-- DATA SUPPLIED follows --

(* Let $I$ be a monoid with identity $1$ and let $\mathrm{Inv}=\mathrm{Map}^l_I\circ\mathrm{Map}^r_I$, restricted to the category $\mathrm{bAct}(I)$ of finite $I$-sets. For $M$ in $\mathrm{bAct}(I)$ let $\overline{\mathrm{ev}}_M:\mathrm{Inv}(M)\to M$, $f\mapsto f(1)(1)$. Then the maps $\overline{\mathrm{ev}}_{\mathrm{Inv}(M)}:\mathrm{Inv}(\mathrm{Inv}(M))\to\mathrm{Inv}(M)$ define a natural isomorphism $\mathrm{Inv}\circ\mathrm{Inv}\Rightarrow\mathrm{Inv}$.
   Context: Let $I$ be a monoid with operation $\otimes$. For a set $X$, $\mathrm{End}_l(X)$ denotes self-maps written on the left with product $f\circ g$ ($g$ first); $\mathrm{End}_r(X)$ denotes self-maps written on the right, $x\mapsto(x)f$, with $(x)(fg)=((x)f)g$. An $I$-set is a set $X$ with a pair $\xi=(\xi_l,\xi_r)$ of monoid homomorphisms $\xi_l:I\to\mathrm{End}_l(X)$, $\xi_r:I\to\mathrm{End}_r(X)$ with $(\xi_l(i)(x))\xi_r(j)=\xi_l(i)((x)\xi_r(j))$; $f:(X,\xi)\to(Y,\eta)$ is $I$-equivariant if $(f(\xi_l(i)(x)))\eta_r(i)=\eta_l(i)(f((x)\xi_r(i)))$ for all $i,x$. An $I$-set is invertible on one side if either $\xi_l(i)$ is bijective for all $i$ or $\xi_r(i)$ is bijective for all $i$; $\mathrm{bAct}(I)$ is the category of finite $I$-sets that are products (componentwise action) of $I$-sets invertible on one side, with $I$-equivariant maps. For an $I$-set $(A,\alpha)$: $\mathrm{Map}^l_I(A)$ is the set of $f:I\to A$ with $(f(j))\alpha_r(i)=\alpha_l(i)(f(j\otimes i))$ for all $i,j$, with action $\theta_l(k)=\mathrm{id}$, $((f)\theta_r(k))(j)=f(k\otimes j)$; $\mathrm{Map}^r_I(A)$ is the set of $f:I\to A$ with $(f(i\otimes j))\alpha_r(i)=\alpha_l(i)(f(j))$ for all $i,j$, with action $(\vartheta_l(k)(f))(i)=f(i\otimes k)$, $\vartheta_r(k)=\mathrm{id}$. Both are functors via $u\mapsto(h\mapsto u\circ h)$. *)

From mathcomp Require Import all_boot.
From mathcomp Require Import monoid.
From Stdlib Require List.

Set Implicit Arguments.
Unset Strict Implicit.
Unset Printing Implicit Defensive.

Local Open Scope group_scope.

Section ISets.
Variable I : monoidType.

-- DATA SUPPLIED concluded --

■ **ACTIVITY**:
From the data, list each line in which the string "Implicit" appears.

■ **COMPLETED EXERCISE**:
Set Implicit Arguments.
Unset Strict Implicit.
Unset Printing Implicit Defensive.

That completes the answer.